The most prominent depictions of sex workers and people who use drugs in political and media discourse fail to account for the complex experiences of these often-marginalised communities. Stereotypes of both these groups regularly serve to dehumanise them, reducing them to “vectors of disease“ who lack morality or self-respect.

This stigma leads to both sex work and drug use being treated as matters of criminal justice, rather than with health or rights-oriented approaches. This subsequently affects the policy decisions that are made, leaving sex workers and people who use drugs at disproportionate risk of ill health, economic inequality, and violence.

Many of the same principles which underpin the harm reduction approach to drug use are equally central to the sex workers’ rights movement; the importance of bodily autonomy, access to comprehensive and non-judgmental health services, and the right to live free from stigma, criminalisation, and violence.

From chronic pain management, relief from mental health issues, to sheer enjoyment of the high, there are myriad reasons why sex workers use drugs. For these sex workers who use drugs, what are the consequences of the two stigmas combining? M, a 22-year-old trans sex worker from East London told TalkingDrugs of the struggles that result from the overlap between drug use and sex work:

“Because I cater predominantly to gay male clients, the chemsex scene is a big issue. Most of my clients want to party during the session and it’s incredibly difficult to […] not use when it’s offered to you all the time. I’m more anxious now that I’m getting high with clients; the police could get involved, clients can become violent, and – because of stigma – health professionals are usually trying to get me to leave the industry or get clean, rather than [helping] me feel safer at work”.

Sadly, these challenges do not stop when sex workers who use drugs enter sex worker-positive spaces, or when they attempt to engage with sex workers’ rights activism. Prejudice is consistently directed towards those who have sold sexual services in exchange for drugs, or those who use drugs with clients.
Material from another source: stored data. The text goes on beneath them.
(* The isomorphism  varphi : L/Z(L) -> M/Z(M)  is encoded by a linear
   lift phi : L -> M (x + Z(L) |-> phi x + Z(M)); the isomorphism theta : L' -> M'
   by a linear map theta : L -> M whose restriction to L' is considered. *)
Definition isoclinic (F : fieldType) (L M : vectType F)
    (gL : bool -> {vspace L}) (brL : L -> L -> L)
    (gM : bool -> {vspace M}) (brM : M -> M -> M) : Prop :=
  exists (phi theta : L -> M),
    [/\ (* varphi is a well-defined injective linear map L/Z(L) -> M/Z(M) *)
        lin phi /\ (forall x : L, in_center brM (phi x) <-> in_center brL x),
        (forall m : M, exists x : L, in_center brM (m - phi x))
        /\ (* varphi is even: (L/Z(L))_b = (L_b + Z(L))/Z(L) is sent into (M_b + Z(M))/Z(M) *)
        (forall (b : bool) (x : L), x \in gL b ->
           exists z : M, in_center brM z /\ phi x - z \in gM b),
        (forall x y : L, in_center brM (phi (brL x y) - brM (phi x) (phi y)))
        /\
        [/\ lin theta,
            (forall x : L, in_derived brL x -> in_derived brM (theta x)),
            (forall x : L, in_derived brL x -> theta x = 0 -> x = 0) &
            (forall m : M, in_derived brM m ->
               exists x : L, in_derived brL x /\ theta x = m)],
        (forall (b : bool) (x : L), in_derived brL x -> x \in gL b -> theta x \in gM b)
        /\
        (forall x y : L, in_derived brL x -> in_derived brL y ->
           theta (brL x y) = brM (theta x) (theta y)) &
        (forall (l m : L) (k r : M),
           in_center brM (k - phi l) -> in_center brM (r - phi m) ->
           theta (brL l m) = brM k r)].

From HB Require Import structures.
From mathcomp Require Import all_boot all_algebra zify.
From Stdlib Require Import Classical FunctionalExtensionality Lia.
Set Implicit Arguments. Unset Strict Implicit. Unset Printing Implicit Defensive.
Import GRing.Theory.
Local Open Scope ring_scope.

(* An isomorphism f gives an isoclinism with varphi and theta both induced by f.
   Conversely, given an isoclinism (varphi, theta), it suffices to build an even
   injective linear map f : L -> K that agrees with theta on L' and lifts varphi
   (f x - varphi x central): then f [x, y] = theta [x, y] = [f x, f y] by the
   compatibility of varphi and theta, and f is bijective because the
   superdimensions agree.  On each homogeneous part L_b, f is glued from three
   pieces: the b-component of varphi on a complement of Z(L)_b + L'_b, theta on
   L'_b, and an injection of a complement of Z(L)_b ∩ L' in Z(L)_b into a
   complement of Z(K)_b ∩ K' in Z(K)_b.  The injection exists because
   dim Z(L)_b <= dim Z(K)_b (varphi maps L_b onto K_b modulo Z(K), and
   dim L_b = dim K_b) while theta maps Z(L)_b ∩ L' onto Z(K)_b ∩ K'. *)

Section LinearAlgebra.
Variables (F : fieldType) (L M : vectType F).

Lemma vspace_of_pred (P : L -> Prop) :
  P 0 -> (forall (a : F) x y, P x -> P y -> P (a *: x + y)) ->
  exists U : {vspace L}, forall x, x \in U <-> P x.
Proof.
move=> P0 Plin; apply: NNPP => noU.
suff grow n : exists U : {vspace L}, (forall x, x \in U -> P x) /\ (n <= \dim U)%N.
  have [U [_]] := grow (\dim (fullv : {vspace L})).+1.
  by rewrite ltnNge dimvS ?subvf.
elim: n => [|n [U [UP leUn]]].
  by exists 0%VS; split=> // x; rewrite memv0 => /eqP ->.
have [x [Px xU]] : exists x, P x /\ x \notin U.
  apply: NNPP => noX; apply: noU; exists U => x; split; first exact: UP.
  by move=> Px; apply: NNPP => xU; apply: noX; exists x; split; last apply/negP.
exists (U + <[x]>)%VS; split.
  move=> _ /memv_addP [u uU [_ /vlineP [a ->] ->]].
  by rewrite addrC; apply: Plin => //; apply: UP.
apply: leq_ltn_trans leUn _; rewrite (ltn_leqif (dimv_leqif_sup (addvSl U _))).
by apply: contra xU => /subvP; apply; rewrite (subvP (addvSr U _)) ?memv_line.
Qed.

Lemma lin_lfun (f : L -> M) : lin f -> exists h : 'Hom(L, M), f = h.
Proof.
move=> linf.
pose fL : {linear L -> M} := HB.pack f (GRing.isLinear.Build _ _ _ _ f linf).
by exists (linfun fL); apply: functional_extensionality => x; rewrite lfunE.
Qed.

Lemma daddv_pi_eq0 (U V : {vspace L}) v :
  (U :&: V = 0)%VS -> v \in V -> daddv_pi U V v = 0.
Proof.
move=> UV0 vV; have := daddv_pi_add UV0 (memv_add (mem0v U) vV).
have VU0 : (V :&: U = 0)%VS by rewrite capvC.
by rewrite add0r (daddv_pi_id VU0 vV) => /(canRL (addrK v)); rewrite subrr.
Qed.

Lemma lfun_glue (U V : {vspace L}) (f g : 'Hom(L, M)) :
  (U :&: V = 0)%VS -> exists h : 'Hom(L, M), {in U, h =1 f} /\ {in V, h =1 g}.
Proof.
move=> UV0; have VU0 : (V :&: U = 0)%VS by rewrite capvC.
exists ((f \o daddv_pi U V) + (g \o daddv_pi V U))%VF.
split=> x x_in; rewrite add_lfunE !comp_lfunE.
  by rewrite (daddv_pi_id UV0 x_in) (daddv_pi_eq0 VU0 x_in) linear0 addr0.
by rewrite (daddv_pi_eq0 UV0 x_in) (daddv_pi_id VU0 x_in) linear0 add0r.
Qed.

Lemma exists_lfun_inj (A : {vspace L}) (C : {vspace M}) :
  (\dim A <= \dim C)%N ->
  exists g : 'Hom(L, M), (g @: A <= C)%VS /\ (A :&: lker g = 0)%VS.
Proof.
move=> leAC; pose X := vbasis A; pose fX := take (\dim A) (vbasis C).
have [h hX] := linear_of_free X fX.
have freefX : free fX.
  apply: (@catl_free _ _ (drop (\dim A) (vbasis C))).
  by rewrite cat_take_drop; apply: basis_free (vbasisP C).
have sizefX : size fX = size X by rewrite size_takel ?size_tuple.
have imgA : (linfun h @: A = <<fX>>)%VS.
  rewrite -(span_basis (vbasisP A)) limg_span -/X.
  rewrite -(hX (basis_free (vbasisP A)) sizefX).
  by congr <<_>>%VS; apply: eq_map => x; rewrite lfunE.
exists (linfun h); split.
  by rewrite imgA; apply/span_subvP => y /mem_take /vbasis_mem.
apply/eqP; rewrite -dimv_eq0; have := limg_ker_dim (linfun h) A.
rewrite imgA (eqnP freefX) sizefX size_tuple.
by move=> dimAE; rewrite -(eqn_add2r (\dim A)) dimAE add0n.
Qed.

Lemma dimv_limg_add_le (f : 'Hom(L, M)) (Y Z : {vspace L}) (C : {vspace M}) :
  (Z <= Y)%VS -> (f @: Z <= C)%VS ->
  (\dim (f @: Y + C) + \dim Z <= \dim Y + \dim C)%N.
Proof.
move=> ZY fZC; have YZ : (Y :\: Z + Z)%VS = Y by rewrite addv_diff; apply/addv_idPl.
have -> : (f @: Y + C = f @: (Y :\: Z) + C)%VS.
  by rewrite -{1}YZ limgD -addvA (addv_idPr fZC).
rewrite -(dimv_cap_compl Y Z) (capv_idPr ZY).
have := (dimv_add_leqif (f @: (Y :\: Z)) C).1; have := limg_ker_dim f (Y :\: Z).
lia.
Qed.

Lemma lker0_bijective (f : 'Hom(L, M)) :
  \dim (fullv : {vspace L}) = \dim (fullv : {vspace M}) -> lker f == 0%VS ->
  bijective f.
Proof.
move=> dimLM kerf0; have imf : limg f = fullv.
  apply/eqP; rewrite eqEdim subvf /= limg_dim_eq -?dimLM //.
  by rewrite capfv; apply/eqP.
exists (f^-1)%VF; first exact: lker0_lfunK.
by move=> y; apply: limg_lfunVK; rewrite imf memvf.
Qed.

End LinearAlgebra.

Section LieSuperalgebra.
Variables (F : fieldType) (L : vectType F) (g : bool -> {vspace L}) (br : L -> L -> L).
Hypothesis hL : lie_superalgebra g br.

Local Notation central := (in_center br).
Local Notation derived := (in_derived br).

Definition gproj b := daddv_pi (g b) (g (~~ b)).

Lemma grade_cap b : (g b :&: g (~~ b) = 0)%VS.
Proof. by case: hL => [[_ /directv_addP]]; case: b => //= gcap; rewrite capvC. Qed.

Lemma grade_add b : (g b + g (~~ b))%VS = fullv.
Proof. by case: hL => [[gfull _]]; case: b => //=; rewrite addvC. Qed.

Lemma dimvf_grade : \dim (fullv : {vspace L}) = (\dim (g false) + \dim (g true))%N.
Proof. by rewrite -(grade_add false) dimv_disjoint_sum // (grade_cap false). Qed.

Lemma gproj_mem b x : gproj b x \in g b.
Proof. exact: memv_pi. Qed.

Lemma gproj_add b x : gproj b x + gproj (~~ b) x = x.
Proof.
by rewrite /gproj negbK; apply: daddv_pi_add (grade_cap b) _; rewrite grade_add memvf.
Qed.

Lemma gproj_id b x : x \in g b -> gproj b x = x.
Proof. exact/daddv_pi_id/grade_cap. Qed.

Lemma gproj_eq0 b x : x \in g (~~ b) -> gproj b x = 0.
Proof. exact/daddv_pi_eq0/grade_cap. Qed.
Lemma quad_opposite_npar (l : line) :
  (~~ parallel l A && ~~ parallel l A') || (~~ parallel l B && ~~ parallel l B').
Proof.
have [nAB nBA' nA'B' nB'A] := quad_npar; have [_ nA'B _ nAB'] := quad_npar_sym.
rewrite -!negb_or -negb_and; apply/negP => /andP[/orP[lA|lA'] /orP[lB|lB']].
- by move: (parallel_ntrans lA nAB); rewrite lB.
- by move: (parallel_ntrans lA nAB'); rewrite lB'.
- by move: (parallel_ntrans lA' nA'B); rewrite lB.
- by move: (parallel_ntrans lA' nA'B'); rewrite lB'.
Qed.

Lemma bisects_None (l : line) : ~ bisects_with_mid Q l None.
Proof.
case=> _ midAA' midBB'; case/orP: (quad_opposite_npar l) => /andP[nl nl'].
- by move: (midAA' (npar_crosses nl nl')); rewrite mid_npar.
- by move: (midBB' (npar_crosses nl nl')); rewrite mid_npar.
Qed.

Lemma bisects_SomeE (l : line) x : bisects_with_mid Q l (Some x) <->
  [/\ on_line l x, dprod A A' x (ldir l) = 0 & dprod B B' x (ldir l) = 0].
Proof.
split=> [[cross midAA' midBB'] | [lx xA xB]].
  have lx : on_line l x.
    by case: cross => c; [exact: mid_on_line (midAA' c) | exact: mid_on_line (midBB' c)].
  split=> //.
  - case: (classic (crosses l A A')) => c; last exact: dprod_ncrosses.
    exact: (mid_crossesP two_neq0 c lx).1 (midAA' c).
  - case: (classic (crosses l B B')) => c; last exact: dprod_ncrosses.
    exact: (mid_crossesP two_neq0 c lx).1 (midBB' c).
split=> [|c|c]; try exact: (mid_crossesP two_neq0 c lx).2.
by case/orP: (quad_opposite_npar l) => /andP[nl nl']; [left | right]; exact: npar_crosses.
Qed.

Definition midA := midpt (meet A B) (meet B' A).
Definition midB := midpt (meet A B) (meet B A').
Definition midA' := midpt (meet B A') (meet A' B').
Definition midB' := midpt (meet A' B') (meet B' A).

Lemma centroid_midpts : midpt midA midA' = centroid Q /\ midpt midB midB' = centroid Q.
Proof.
have [nAB nBA' nA'B' nB'A] := quad_npar.
move: (npar_det nAB) (npar_det nBA') (npar_det nA'B') (npar_det nB'A).
rewrite /ldir /= => dAB dBA' dA'B' dB'A.
by rewrite /midA /midB /midA' /midB' /centroid /midpt /meet /=; split; congr pair; field;
  rewrite ?two_neq0 ?dAB ?dBA' ?dA'B' ?dB'A ?(natrM K 2 2) ?mulf_neq0.
Qed.

Lemma bisects_sides :
  [/\ bisects_with_mid Q A (Some midA), bisects_with_mid Q B (Some midB),
      bisects_with_mid Q A' (Some midA') & bisects_with_mid Q B' (Some midB')].
Proof.
have [nAB nBA' nA'B' nB'A] := quad_npar; have [nBA nA'B nB'A' nAB'] := quad_npar_sym.
have [AP1 BP1] := meet_on_lines nAB; have [BP2 A'P2] := meet_on_lines nBA'.
have [A'P3 B'P3] := meet_on_lines nA'B'; have [B'P4 AP4] := meet_on_lines nB'A.
have onA := midpt_on_line two_neq0 AP1 AP4.
have onB := midpt_on_line two_neq0 BP1 BP2.
have onA' := midpt_on_line two_neq0 A'P2 A'P3.
have onB' := midpt_on_line two_neq0 B'P3 B'P4.
split; apply/bisects_SomeE; split=> //;
  try exact: dprod_on_line; try by rewrite dprodC dprod_on_line.
- by rewrite /midA (meetC nB'A); case: (dprod_mid two_neq0 nAB nAB').
- by rewrite /midB (meetC nAB); case: (dprod_mid two_neq0 nBA nBA').
- by rewrite /midA' (meetC nBA'); case: (dprod_mid two_neq0 nA'B nA'B').
- by rewrite /midB' (meetC nA'B') midptC; case: (dprod_mid two_neq0 nB'A nB'A').
Qed.

End Quadrilateral.

Section Conics.
Variable K : fieldType.
Local Notation line := (line K).
Local Notation point := (point K).

Record conic := Conic { cxx : K; cxy : K; cyy : K; cx : K; cy : K; c0 : K }.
Some sex workers’ rights advocates attempt to obfuscate the existence of the intersection between sex work and drug use, ostensibly with the hope that doing so will help sex work be considered to be a legitimate profession which should be decriminalised. This approach, regardless of its intentions, is dangerous; it erases and ignores the experiences of those who use drugs, namely the challenges that they face in navigating criminalisation and incarceration.

B, a 24-year-old sex worker from London, started smoking heroin and crystal meth when she was 16:

“I’ve been in recovery for 5 years and still work in the industry. I find other sex workers can be extremely judgmental about my past. They don’t want to be lumped in the same boat with the ‘junkie whore’ because those who seek to criminalise our work say that I can’t make my own choices and should be ‘saved’ from sex work.”

While the public discourse on the ‘War on Drugs’ may be gradually shifting, the stigmatising discourse on sex workers’ rights rages on. Only one country, New Zealand, currently implements outright decriminalisation of sex work, the approach favoured by many sex workers’ rights groups.

Some progress has been made in recent years; the World Health Organisation, Human Rights Watch, and UNAIDS have publicly supported the decriminalisation of sex work. Additionally, Amnesty International has publicly stated their support for decriminalisation, despite hostile criticism from abolitionist campaigners. Nevertheless, many drug users and sex workers, especially those who identify as both, know that any policy or legal responses to these issues should be centred upon harm reduction and human rights.

In order to make real change to the lives of drug-using sex workers, we need to end the stigma and punitive laws which put them at risk of violence, criminalisation, and incarceration.